Around the House



Supporting Our Small Businesses

Small businesses are quick to lend a hand to neighbors in need and go out of their way to support local communities. They are vital to Indiana’s economy, and are being hit hard by the pandemic, especially those in hospitality and tourism industries. To assist Hoosier entrepreneurs, House lawmakers passed a bill to help struggling businesses bounce back.

House Bill 1004 would extend and strengthen an existing grant program to accelerate economic recovery and protect Indiana jobs. This Hoosier Hospitality Small Business Restart Grant Program could provide up to $50,000 in grant funding to eligible businesses. To qualify, businesses must be in good standing and able to show a significant loss of revenue. If awarded a grant, funds could be used toward a portion of business and payroll expenses. 

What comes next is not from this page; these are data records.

(* Let $\mathcal{G}=(V,E)$ be a $k$-regular connected hypergraph with $n$ vertices, and let $\theta$ be the second largest eigenvalue of $A_{\mathcal{G}}$ in absolute value (i.e. $\theta=\max_{l\ge2}|\lambda_l|$ where $\lambda_1\ge\dots\ge\lambda_n$ are the eigenvalues of $A_{\mathcal{G}}$). Then $$\operatorname{diam}(\mathcal{G})\le\left\lfloor 1+\frac{\log(n-1)}{\log(k/\theta)}\right\rfloor.$$
   Context: A hypergraph $\mathcal{G}=(V,E)$ has a finite vertex set $V$ and a set $E$ of subsets of $V$ (edges), each of cardinality at least $2$. The degree $d_i$ of a vertex $i$ is the number of edges containing $i$; $\mathcal{G}$ is $k$-regular if $d_i=k$ for all $i$. The adjacency matrix $A_{\mathcal{G}}$ has $(A_{\mathcal{G}})_{ij}=\sum_{e\in E,\, i,j\in e}\frac{1}{|e|-1}$ for $i\ne j$ and zero diagonal. A path of length $l$ between $v_0$ and $v_l$ is an alternating sequence $v_0e_1v_1\dots e_lv_l$ of distinct vertices and distinct edges with $v_{i-1},v_i\in e_i$; the distance $d(i,j)$ is the minimum length of an $i$–$j$ path, $\operatorname{diam}(\mathcal{G})=\max_{i,j}d(i,j)$; connected means every two vertices are joined by a path. *)

From HB Require Import structures.
From mathcomp Require Import all_boot all_order all_algebra.
From mathcomp Require Import all_classical all_reals all_analysis.
Set Implicit Arguments. Unset Strict Implicit. Unset Printing Implicit Defensive.
Import Order.TTheory GRing.Theory Num.Theory.
Local Open Scope ring_scope.

Section Hyper.
Variable n : nat.
Implicit Types (E : {set {set 'I_n}}) (u v : 'I_n).

Definition edges_ok E : Prop := forall e, e \in E -> (2 <= #|e|)%N.

Definition hdegree E (i : 'I_n) : nat := #|[set e in E | i \in e]|.

Definition regular E (k : nat) : Prop := forall i, hdegree E i = k.

Definition hadj (R : numFieldType) E : 'M[R]_n :=
  \matrix_(i, j) (if i == j then 0
                  else \sum_(e in E | (i \in e) && (j \in e)) (#|e|.-1)%:R^-1).

Definition is_path E (l : nat) u v : bool :=
  [exists vs : (l.+1).-tuple 'I_n, exists es : l.-tuple {set 'I_n},
    [&& uniq vs, uniq es, head u vs == u, last u vs == v,
        all (fun e => e \in E) es &
        [forall i : 'I_l, (nth u vs i \in nth (finset.set0 : {set 'I_n}) es i)
                          && (nth u vs i.+1 \in nth (finset.set0 : {set 'I_n}) es i)]]].

Definition hconnected E : Prop := forall u v, exists l, is_path E l u v.

(* distance: least l such that a path of length l exists (a path has at
   most n vertices, so l < n); defaults to n if there is none *)
Definition hdist E u v : nat := find (fun l => is_path E l u v) (iota 0 n).

Definition hdiam E : nat := \max_(u : 'I_n) \max_(v : 'I_n) hdist E u v.
End Hyper.

From HB Require Import structures.
From mathcomp Require Import all_boot all_order all_algebra.
From mathcomp Require Import all_classical all_reals all_analysis.
From mathcomp Require Import complex sesquilinear spectral.
From mathcomp Require Import ring zify.
Import Order.TTheory GRing.Theory Num.Theory.
Set Implicit Arguments. Unset Strict Implicit. Unset Printing Implicit Defensive.
Local Open Scope ring_scope.
Local Open Scope sesquilinear_scope.

(* If (A^t)_uv > 0 then some walk of length t joins u and v, and removing its
   loops leaves a path, so d(u, v) <= t.  Diagonalise A = P^* D P with P
   unitary.  Regularity makes the all-ones vector an eigenvector for k, and
   theta < k makes k a simple eigenvalue, so the corresponding row of P is
   constant and contributes exactly k^t / n to (A^t)_uv; by AM-GM and the
   orthonormality of the columns of P the other eigenvalues contribute at most
   theta^t (1 - 1/n) in absolute value.  Hence (A^t)_uv > 0 for all u, v once
   (n - 1) theta^t < k^t, which holds for t = floor(1 + log(n-1) / log(k/theta)). *)

Lemma split_map_dup (T U : eqType) (f : T -> U) (s : seq T) :
  ~~ uniq (map f s) ->
  exists p1 a p2 b p3, s = p1 ++ a :: p2 ++ b :: p3 /\ f a = f b.
Proof.
elim: s => [//|c s IH] /=; rewrite negb_and negbK => /orP [/mapP [b bs fcb]|/IH].
  by case/splitPr: bs => p2 p3; exists [::], c, p2, b, p3.
by move=> [p1 [a [p2 [b [p3 [-> fab]]]]]]; exists (c :: p1), a, p2, b, p3.
Qed.

Section Walks.
Variables (n : nat) (E : {set {set 'I_n}}).

(* A walk from u is encoded as the sequence of its (edge, vertex) steps, read
   as a path of hstep starting from (set0, u); the edge set0 is a dummy. *)
Definition hstep : rel ({set 'I_n} * 'I_n) :=
  fun a b => [&& b.1 \in E, a.2 \in b.1 & b.2 \in b.1].

Local Notation hstart u := (finset.set0 : {set 'I_n}, u).
Local Notation hwalk u p := (path hstep (hstart u) p).
Local Notation hend u p := (last (hstart u) p).2.

Lemma hstep_path_eq x y q : x.2 = y.2 -> path hstep x q = path hstep y q.
Proof. by case: q => [//|z q] /= xy; rewrite /hstep xy. Qed.

Lemma last_snd_eq (T1 T2 : Type) (x y : T1 * T2) q :
  x.2 = y.2 -> (last x q).2 = (last y q).2.
Proof. by case: q. Qed.

Lemma is_path_hwalk u p : hwalk u p ->
  uniq (map fst p) -> uniq (u :: map snd p) -> is_path E (size p) u (hend u p).
Proof.
move=> Hp Hes Hvs; set x0 := hstart u.
have vs_size : size (u :: map snd p) == (size p).+1 by rewrite /= size_map.
have es_size : size (map fst p) == size p by rewrite size_map.
apply/existsP; exists (Tuple vs_size); apply/existsP; exists (Tuple es_size).
apply/and5P; split => //=.
  by rewrite -[u]/(x0.2) last_map.
apply/andP; split.
  apply/allP => _ /mapP [z /(nthP x0) [i ip <-] ->].
  by case/and3P: (pathP x0 Hp _ ip).
apply/forallP => i; have /and3P [_ Hi Hi1] := pathP x0 Hp _ (ltn_ord i).
have -> : nth u (u :: map snd p) i = (nth x0 (x0 :: p) i).2.
  by rewrite -(nth_map x0 u snd) //= ltnS ltnW.
by rewrite !(nth_map x0) //; apply/andP.
Qed.

Lemma hwalk_shorten u p : hwalk u p ->
  ~~ (uniq (map fst p) && uniq (u :: map snd p)) ->
  exists2 q, (size q < size p)%N & hwalk u q /\ hend u q = hend u p.
Proof.
(* Cut out the loop at a repeated edge, at a return to u, or at a repeated vertex. *)
move=> Hp; rewrite negb_and [uniq (u :: _)]/= negb_and negbK.
case/or3P => [/split_map_dup [p1 [a [p2 [b [p3 [pE ab]]]]]]|/mapP [b bp ub]|
              /split_map_dup [p1 [a [p2 [b [p3 [pE ab]]]]]]].
- exists (p1 ++ b :: p3); first by rewrite pE !size_cat /= size_cat /=; lia.
  move: Hp; rewrite pE !cat_path /= cat_path /= !last_cat /= last_cat /=.
  case/and5P => -> /and3P [_ Hab _] _ /and3P [Eb _ Hb] ->.
  by rewrite /hstep Eb Hb -ab Hab.
- case/splitPr: bp Hp => p1 p3; rewrite cat_path last_cat /= => /and3P [_ _ Hp3].
  exists p3; first by rewrite size_cat /=; lia.
  have ub' : (hstart u).2 = b.2 := ub.
  by rewrite (hstep_path_eq _ ub') (last_snd_eq _ ub').
- exists (p1 ++ a :: p3); first by rewrite pE !size_cat /= size_cat /=; lia.
  move: Hp; rewrite pE !cat_path /= cat_path /= !last_cat /= last_cat /=.
  case/and5P => -> -> _ _ Hp3.
  by rewrite (hstep_path_eq _ ab) (last_snd_eq _ ab).
Qed.

Lemma hwalk_is_path u p : hwalk u p ->
  exists2 l, (l <= size p)%N & is_path E l u (hend u p).
Proof.
have [m] := ubnP (size p); elim: m p => [//|m IH] p /= Hsize Hp.
have [/andP [Hes Hvs]|Hnuniq] := boolP (uniq (map fst p) && uniq (u :: map snd p)).
  by exists (size p); last exact: is_path_hwalk.
have [q Hq [Hwq <-]] := hwalk_shorten Hp Hnuniq.
have [|l Hl Hpath] := IH q _ Hwq; first exact: leq_trans Hq _.
by exists l => //; apply: leq_trans Hl (ltnW Hq).
Qed.

Lemma is_path_lt l u v : is_path E l u v -> (l < n)%N.
Proof.
case/existsP => vs /existsP [es /andP [Hvs _]].
by have := max_card (mem vs); rewrite (card_uniqP Hvs) size_tuple card_ord.
Qed.

Lemma hdist_le l u v : is_path E l u v -> (hdist E u v <= l)%N.
Proof.
move=> Hp; rewrite leqNgt; apply/negP => /(before_find 0%N).
by rewrite nth_iota ?add0n ?Hp ?(is_path_lt Hp).
Qed.

Variable R : numFieldType.
Local Notation A := (hadj R E).

Lemma hadj_ge0 w v : 0 <= A w v.
Proof.
by rewrite mxE; case: eqP => // _; apply: sumr_ge0 => e _; rewrite invr_ge0.
Qed.

Lemma hadjX_ge0 t w v : 0 <= (A ^+ t) w v.
Proof.
elim: t v => [|t IH] v; first by rewrite expr0 mxE ler0n.
by rewrite exprSr mxE; apply: sumr_ge0 => x _; rewrite mulr_ge0 ?hadj_ge0.
Qed.

Lemma hadj_gt0_edge w v : 0 < A w v -> exists2 e, e \in E & (w \in e) && (v \in e).
Proof.
rewrite mxE; case: eqP => _; first by rewrite ltxx.
move=> /lt0r_neq0/eqP/psumr_neq0P[e _|e /andP [/andP [eE /andP [we ve]] _]].
  by rewrite invr_ge0.
by exists e; rewrite ?we.
Qed.

Lemma hadjX_gt0_hwalk t u v : 0 < (A ^+ t) u v ->
  exists p, [/\ size p = t, hwalk u p & hend u p = v].
Proof.
elim: t v => [|t IH] v.
  by rewrite expr0 mxE; case: eqP => [<- _|_]; [exists [::] | rewrite ltxx].
rewrite exprSr mxE => /lt0r_neq0/eqP/psumr_neq0P[w _|w /= Hw].
  by rewrite mulr_ge0 ?hadj_ge0 ?hadjX_ge0.
have [/IH [p [<- Hp <-]] /hadj_gt0_edge [e eE /andP [we ve]]] :
    0 < (A ^+ t) u w /\ 0 < A w v.
  by move: Hw; rewrite !lt0r mulf_eq0 negb_or hadjX_ge0 hadj_ge0 !andbT => /andP [/andP [-> ->] _].
exists (rcons p (e, v)); split; first by rewrite size_rcons.
  by rewrite rcons_path Hp /hstep /= eE we ve.
by rewrite last_rcons.
Qed.

Lemma hdist_le_hadjX_gt0 t u v : 0 < (A ^+ t) u v -> (hdist E u v <= t)%N.
Proof.
case/hadjX_gt0_hwalk => p [<- Hp <-].
by have [l Hl Hpath] := hwalk_is_path Hp; exact: leq_trans (hdist_le Hpath) Hl.
Qed.
End Walks.

Section Adjacency.
Variables (R : numFieldType) (n : nat) (E : {set {set 'I_n}}).
Local Notation A := (hadj R E).

Lemma tr_hadj : A^T = A.
Proof.
apply/matrixP => i j; rewrite !mxE [j == i]eq_sym; case: eqP => // _.
by apply: eq_bigl => e; rewrite [(j \in e) && _]andbC.
Qed.

Lemma hadj_col_sum j :
  \sum_i A i j = \sum_(e in E | j \in e) (#|e|.-1)%:R * (#|e|.-1)%:R^-1.
Proof.
have -> : \sum_i A i j =
    \sum_i \sum_(e in E | j \in e) (if (i \in e) && (i != j) then (#|e|.-1)%:R^-1 else 0).
  apply: eq_bigr => i _; rewrite mxE; case: eqP => [-> | /eqP ij].
    by rewrite big1 // => e _ /=; rewrite andbF.
  rewrite big_mkcondr [RHS]big_mkcondr /=; apply: eq_bigr => e _.
  by rewrite andbT; case: (j \in e); rewrite ?andbT ?andbF.
rewrite exchange_big; apply: eq_bigr => e /andP [_ je] /=.
rewrite -big_mkcond sumr_const -[LHS]mulr_natl; congr (_%:R * _).
by rewrite (cardD1 j e) je add1n /=; apply: eq_card => i; rewrite !inE andbC.
Qed.

Lemma mul_const_hadj k : edges_ok E -> regular E k ->
  const_mx 1 *m A = k%:R *: (const_mx 1 : 'rV_n).
Proof.
move=> Eok Ereg; apply/rowP => j; rewrite !mxE mulr1.
under eq_bigr do rewrite mxE mul1r.
rewrite hadj_col_sum -(Ereg j) /hdegree -sum1_card natr_sum.
apply: eq_big => [e|e /andP [eE _]]; first by rewrite inE.
rewrite mulfV // pnatr_eq0.
by have := Eok e eE; case: #|e| => [|[]].
Qed.
End Adjacency.

Lemma char_poly_similar (R : comNzRingType) n (Q P M : 'M[R]_n) :
  Q *m P = 1%:M -> char_poly (Q *m M *m P) = char_poly M.
Proof.
move=> QP; have QPC : map_mx polyC Q *m map_mx polyC P = 1%:M.
  by rewrite -map_mxM QP map_scalar_mx.
rewrite /char_poly; have -> : char_poly_mx (Q *m M *m P) =
          map_mx polyC Q *m char_poly_mx M *m map_mx polyC P.
  by rewrite /char_poly_mx !map_mxM mulmxBr mulmxBl mul_mx_scalar -scalemxAl QPC scalemx1.
by rewrite !det_mulmx mulrAC -det_mulmx QPC det1 mul1r.
Qed.

Section Unitary.
Variable C : numClosedFieldType.

Lemma unitarymx_row_norm m n (M : 'M[C]_(m, n)) i :
  M \is unitarymx -> \sum_j `|M i j| ^+ 2 = 1.
Proof.
move=> /unitarymxP /matrixP /(_ i i); rewrite !mxE eqxx mulr1n => <-.
by apply: eq_bigr => j _; rewrite normCK !mxE.
Qed.

Lemma unitarymx_col_norm n (M : 'M[C]_n) j :
  M \is unitarymx -> \sum_i `|M i j| ^+ 2 = 1.
Proof.
rewrite -trmxC_unitary => /(unitarymx_row_norm j) <-.
by apply: eq_bigr => i _; rewrite !mxE norm_conjC.
Qed.

Lemma unitarymx_mulCmx n (M : 'M[C]_n) : M \is unitarymx -> M^t* *m M = 1%:M.
Proof. by rewrite -trmxC_unitary => /unitarymxP; rewrite trmxCK. Qed.

Lemma unitarymx_off_sum_le n (P : 'M[C]_n) (d : 'rV[C]_n) j0 (th : C) t u v :
  P \is unitarymx -> (forall j, j != j0 -> `|d 0 j| <= th) ->
  `|\sum_(j | j != j0) (P j u)^* * d 0 j ^+ t * P j v|
    <= th ^+ t * ((1 - `|P j0 u| ^+ 2) + (1 - `|P j0 v| ^+ 2)) / 2.
Proof.
move=> P_unitary dth.
have off w : \sum_(j | j != j0) `|P j w| ^+ 2 = 1 - `|P j0 w| ^+ 2.
  by rewrite -(unitarymx_col_norm w P_unitary) [in RHS](bigD1 j0) //= addrC addrK.
rewrite -!off -big_split /= -mulrA mulr_suml mulr_sumr.
apply: le_trans (ler_norm_sum _ _ _) _; apply: ler_sum => j jj0.
rewrite !normrM normrX norm_conjC mulrAC mulrC.
have th_ge0 : 0 <= th := le_trans (normr_ge0 _) (dth j jj0).
apply: ler_pM; rewrite ?exprn_ge0 ?mulr_ge0 ?lerXn2r ?nnegrE ?dth //.
exact: (real_leif_mean_square (normr_real _) (normr_real _)).1.
Qed.
End Unitary.

Section NormalSpectrum.
Variables (C : numClosedFieldType) (n : nat) (A : 'M[C]_n).
Hypothesis A_normal : A \is normalmx.
Local Notation P := (spectralmx A).
Local Notation d := (spectral_diag A).
Local Notation P_unitary := (spectral_unitarymx A).
Local Hint Resolve spectral_unitarymx : core.

Lemma spectralE : A = P^t* *m diag_mx d *m P.
Proof. by rewrite -invmx_unitary //; apply/orthomx_spectralP. Qed.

House Bill 1004 received bipartisan support from the Indiana House of Representatives and has been referred to the Senate Appropriations Committee for further consideration. For more information about legislation from this session, visit

Supporting Lawful Gun Owners

The Indiana House of Representatives recently passed House Bill 1369, which would allow law-abiding Hoosier adults to carry a firearm without having to get a government-issued license.

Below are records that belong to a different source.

Definition complete_lattice (le : T -> T -> Prop) : Prop :=
  is_poset le /\ forall S : set T, exists x, is_lub le S x.

Definition locale (le : T -> T -> Prop) : Prop :=
  complete_lattice le /\
  forall (a : T) (S : set T) (j m : T),
    is_lub le S j -> is_glb le [set x | x = a \/ x = j] m ->
    is_lub le [set c | exists2 s, S s & is_glb le [set x | x = a \/ x = s] c] m.

Definition colocale (le : T -> T -> Prop) : Prop :=
  locale (fun a b => le b a).

Definition prime_el (le : T -> T -> Prop) (p : T) : Prop :=
  ~ (forall x, le x p) /\
  forall a b m, is_glb le [set x | x = a \/ x = b] m -> le m p ->
                le a p \/ le b p.

Definition coprime_el (le : T -> T -> Prop) (c : T) : Prop :=
  ~ (forall x, le c x) /\
  forall a b j, is_lub le [set x | x = a \/ x = b] j -> le c j ->
                le c a \/ le c b.

Definition Sigma_open (le : T -> T -> Prop) : set (set {p : T | prime_el le p}) :=
  [set U | exists a : T, U = [set p | ~ le a (proj1_sig p)]].

(* I L^c: closed sets {c | c <= a}, i.e. open sets are their complements *)
Definition I_open (le : T -> T -> Prop) : set (set {c : T | coprime_el le c}) :=
  [set U | exists a : T, ~` U = [set c | le (proj1_sig c) a]].
End Lattices.

Definition subset_rel (A : Type) (V W : set A) : Prop := V `<=` W.

Section Linearized.
Variables (K : fieldType) (A B : lmodType K) (T : Type).

Definition linearized_locale (form : A -> B -> K) (le : T -> T -> Prop)
  (gamma : T -> set A) : Prop :=
  [/\ locale le, forall l, MaxA form (gamma l) &
      forall (S : set T) (m : T), is_glb le S m ->
        is_glb_in (MaxA form) (@subset_rel A) (gamma @` S) (gamma m)].

Definition linearized_colocale (form : A -> B -> K) (le : T -> T -> Prop)
  (gamma : T -> set A) : Prop :=
  [/\ colocale le, forall l, MaxA form (gamma l) &
      forall (S : set T) (j : T), is_lub le S j ->
        is_lub_in (MaxA form) (@subset_rel A) (gamma @` S) (gamma j)].
End Linearized.

Definition homeo (X Y : Type) (openX : set (set X)) (openY : set (set Y))
  (h : X -> Y) : Prop :=
  bijective h /\ forall U : set Y, openY U <-> openX (h @^-1` U).

(* isomorphism of algebraic quotient vector bundles with the same dual pair *)
Definition bundle_iso (X Y V : Type) (openX : set (set X)) (openY : set (set Y))
  (kappa1 : X -> set V) (kappa2 : Y -> set V) : Prop :=
  exists h : X -> Y, homeo openX openY h /\ forall x, kappa2 (h x) = kappa1 x.

Arguments Sigma_open {T} le.
Arguments I_open {T} le.

From Pilot Require Import Defs.
From mathcomp Require Import all_boot all_order all_algebra.
From mathcomp Require Import boolp classical_sets reals topology complex.
Local Open Scope classical_set_scope.
Local Open Scope ring_scope.
Set Implicit Arguments.
Import GRing.Theory.

(* (1) and (2): (co)spectrality makes [{x | phi \notin F (kappa x)}] (resp.
   [{x | a \notin kappa x}]) open, so the interior in the definition of the
   restriction map disappears and the restriction to an open set [U] becomes
   the intersection of the fibres outside [U].  The annihilator of a join is
   the intersection of the annihilators of its terms, and the two sides agree.
   (3) and (4): the primes of the opposite order are literally the coprimes,
   and the opens of [Sigma] are the complements of the closeds of [I], so the
   identity is an isomorphism; no lattice structure is needed. *)

Section Span.
Variables (K : fieldType) (A : lmodType K).

Lemma sub_span (S : set A) : S `<=` Defs.span S.
Proof. by move=> a Sa W _; apply. Qed.

Lemma span_id (W : set A) : Defs.subspace W -> Defs.span W = W.
Proof.
move=> sW; apply/seteqP; split => a; first exact.
exact: sub_span.
Qed.

Lemma subspace_bigcap (I : Type) (D : set I) (W : I -> set A) :
  (forall i, D i -> Defs.subspace (W i)) -> Defs.subspace (\bigcap_(i in D) W i).
Proof.
move=> sW; split; first by move=> i /sW [].
by move=> k x y Wx Wy i Di; case: (sW i Di) => _; apply; [apply: Wx | apply: Wy].
Qed.

End Span.

Section Annihilators.
Variables (K : fieldType) (A B : lmodType K) (form : A -> B -> K).

Lemma Gann_FannK (V : set A) : MaxA form V -> Gann form (Fann form V) = V.
Proof.
move=> [W ->]; apply/seteqP; split => a Ha.
  by move=> phi Wphi; apply: Ha => b; apply.
by move=> phi; apply.
Qed.

Lemma Fann_GannK (Y : set A) :
  Fann form (Gann form (Fann form Y)) = Fann form Y.
Proof.
apply/seteqP; split => phi Hphi; last by move=> a; apply.
by move=> a Ya; apply: Hphi => psi; apply.
Qed.

Lemma MaxA_corestr (X : topologicalType) (kappa : X -> set A) (C : set X) :
  MaxA form (corestr form kappa C).
Proof. by eexists. Qed.

Lemma Fann_bigcup_image (X : Type) (kappa : X -> set A) (C : set X) :
  Fann form [set a | exists2 V, (kappa @` C) V & V a]
  = \bigcap_(x in C) Fann form (kappa x).
Proof.
apply/seteqP; split => phi Hphi.
  by move=> x Cx a kxa; apply: Hphi; exists (kappa x) => //; exists x.
by move=> a [_ [x Cx <-] kxa]; exact: Hphi x Cx a kxa.
Qed.

Section LeftLinear.
Hypothesis form_linearl : forall (k : K) (a a' : A) (phi : B),
  form (k *: a + a') phi = k * form a phi + form a' phi.

Lemma Fann_span (Y : set A) : Fann form (Defs.span Y) = Fann form Y.
Proof.
apply/seteqP; split => phi Hphi; first by move=> a /sub_span; apply: Hphi.
move=> a /(_ [set b | form b phi = 0]); apply; last exact: Hphi.
split => [|k x y /= Hx Hy]; last by rewrite form_linearl Hx Hy mulr0 addr0.
have := form_linearl 1 0 0 phi; rewrite scale1r addr0 mul1r => e.
by apply: (@addrI _ (form 0 phi)); rewrite addr0 -e.
Qed.

Lemma Fann_corestr (X : topologicalType) (kappa : X -> set A) (C : set X) :
  Fann form (corestr form kappa C) = \bigcap_(x in C) Fann form (kappa x).
Proof. by rewrite /corestr /joinMax Fann_GannK Fann_span Fann_bigcup_image. Qed.

End LeftLinear.

Lemma subspace_Fann (V : set A) :
  (forall (k : K) (a : A) (phi phi' : B),
     form a (k *: phi + phi') = k * form a phi + form a phi') ->
  Defs.subspace (Fann form V).
Proof.
move=> form_linearr; split => [a _|k x y Hx Hy a Va].
  have := form_linearr 1 a 0 0; rewrite scale1r addr0 mul1r => e.
  by apply: (@addrI _ (form a 0)); rewrite addr0 -e.
by rewrite form_linearr Hx // Hy // mulr0 addr0.
Qed.

End Annihilators.

Section Bundles.
Variables (K : fieldType) (X : topologicalType).

Lemma spectral_restrE (V : lmodType K) (kappa : X -> set V) (U : set X) :
  spectral kappa -> restr kappa U = Defs.span (\bigcap_(x in ~` U) kappa x).
Proof.
move=> spec; rewrite /restr; congr Defs.span; apply/seteqP; split => a /=.
  by rewrite (interior_id _).1 // => sub x nUx; apply: contrapT => /sub.
by rewrite (interior_id _).1 // => Ha x nka; apply: contrapT => /Ha.
Qed.

Variables (A B : lmodType K).

Lemma cospectral_Fann_spectral (form : A -> B -> K) (kappa : X -> set A) :
  cospectral form kappa -> spectral (fun x => Fann form (kappa x)).
Proof.
move=> cosp phi.
have -> : [set x | ~ Fann form (kappa x) phi]
          = ~` [set x | kappa x `<=` Gann form [set phi]].
  apply/seteqP; split => x /= nF; apply: contra_not nF.
    by move=> Gk a ka; exact: Gk a ka phi erefl.
  by move=> F a ka _ ->; exact: F a ka.
by rewrite openC; apply: cosp; eexists.
Qed.

Lemma restr_Fann_cospectral (form : A -> B -> K) (kappa : X -> set A) (U : set X) :
  dual_pair form -> cospectral form kappa ->
  restr (fun x => Fann form (kappa x)) U = Fann form (corestr form kappa (~` U)).
Proof.
move=> [linl linr _ _] cosp.
rewrite spectral_restrE; last exact: cospectral_Fann_spectral.
rewrite Fann_corestr // span_id //.
by apply: subspace_bigcap => x _; exact: subspace_Fann.
Qed.

Lemma corestr_Fann_spectral (form : A -> B -> K) (kappa : X -> set A) (C : set X) :
  dual_pair form -> (forall x, MaxA form (kappa x)) -> spectral kappa ->
  corestr (flipf form) (fun x => Fann form (kappa x)) C
  = Fann form (restr kappa (~` C)).
Proof.
move=> [linl linr _ _] maxk spec.
rewrite spectral_restrE // setCK Fann_span //.
(* [Fann] and [Gann] of the transposed form are [Gann] and [Fann] of [form]. *)
have -> : \bigcap_(x in C) kappa x
          = Fann (flipf form) (corestr (flipf form) (fun x => Fann form (kappa x)) C).
  rewrite Fann_corestr; last by move=> k phi phi' a; exact: linr.
  by apply: eq_bigcapr => x _; exact/esym/(@Gann_FannK _ _ _ form).
symmetry; apply: (@Gann_FannK _ _ _ (flipf form)); exact: MaxA_corestr.
Qed.

End Bundles.

Lemma Sigma_opp_I_bundle_iso (T V : Type) (le : T -> T -> Prop) (f : T -> set V) :
  bundle_iso (Sigma_open (fun a b => le b a)) (I_open le)
    (fun p => f (proj1_sig p)) (fun c => f (proj1_sig c)).
Proof.
exists id; split => //; split; first by exists id.
move=> U; split => -[a Ua]; exists a.
  by rewrite -[U]setCK Ua.
have -> : U = ~` [set c | le (proj1_sig c) a] := Ua.
by rewrite setCK.
Qed.

Theorem lemma6p9 (R : realType) (A B : lmodType R[i]) (form : A -> B -> R[i]) :
  dual_pair form ->
  (* (1) *)
  (forall (X : topologicalType) (kappa : X -> set A),
     (forall x, MaxA form (kappa x)) -> cospectral form kappa ->
     forall U : set X, open U ->
       restr (fun x => Fann form (kappa x)) U
       = Fann form (corestr form kappa (~` U))) /\
  (* (2) *)
  (forall (X : topologicalType) (kappa : X -> set A),
     (forall x, MaxA form (kappa x)) -> spectral kappa ->
     forall C : set X, closed C ->
       corestr (flipf form) (fun x => Fann form (kappa x)) C
       = Fann form (restr kappa (~` C))) /\
  (* (3) *)
  (forall (T : Type) (le : T -> T -> Prop) (gamma : T -> set A),
     linearized_colocale form le gamma ->
     bundle_iso (Sigma_open (fun a b => le b a)) (I_open le)
       (fun p => Fann form (gamma (proj1_sig p)))
       (fun c => Fann form (gamma (proj1_sig c)))) /\
  (* (4) *)
  (forall (T : Type) (le : T -> T -> Prop) (gamma : T -> set A),
     linearized_locale form le gamma ->
     bundle_iso (Sigma_open le) (I_open (fun a b => le b a))
       (fun p => Fann form (gamma (proj1_sig p)))
       (fun c => Fann form (gamma (proj1_sig c)))).
Proof.
move=> dp; split; [|split; [|split]].
- by move=> X kappa _ cosp U _; exact: restr_Fann_cospectral.
- by move=> X kappa maxk spec C _; exact: corestr_Fann_spectral.
- move=> T le gamma _.
  exact: (Sigma_opp_I_bundle_iso le (fun t => Fann form (gamma t))).
- move=> T le gamma _.
  exact: (Sigma_opp_I_bundle_iso (fun a b => le b a) (fun t => Fann form (gamma t))).
Qed.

Currently, Hoosiers must complete numerous steps within 180 days after first applying for a carry permit, including:

  • Completing a firearm license application online;
  • Scheduling an appointment to get their fingerprints taken; and
  • Completing local law enforcement agency processing.

It is only after these steps are taken that the Indiana State Police do a final review and either issue or deny a permit to the individual.

Under the bill, the process to legally purchase a handgun would not change. Individuals must still complete the Bureau of Alcohol, Tobacco, Firearms and Explosives form. They also have to be approved by the National Instant Criminal Background Check System to ensure that only eligible buyers will legally purchase handguns.

Reciprocity permits, including 5-year and lifetime permits, provide Hoosiers the ability to carry in 31 other states, and would still be available under this bill. Under the proposal, the lifetime license fee would drop from $125 to $75 and the 5-year permit would remain free.

Funds collected from Indiana’s handgun permits help support local law enforcement firearms training, ammunition, body armor and other expenses. However, any loss in department funding as a result of this bill would be restored through a new appropriation in the state budget. Departments would also continue collecting funds from reciprocity permits.

If passed, Indiana could become the 19th state to allow lawful carry.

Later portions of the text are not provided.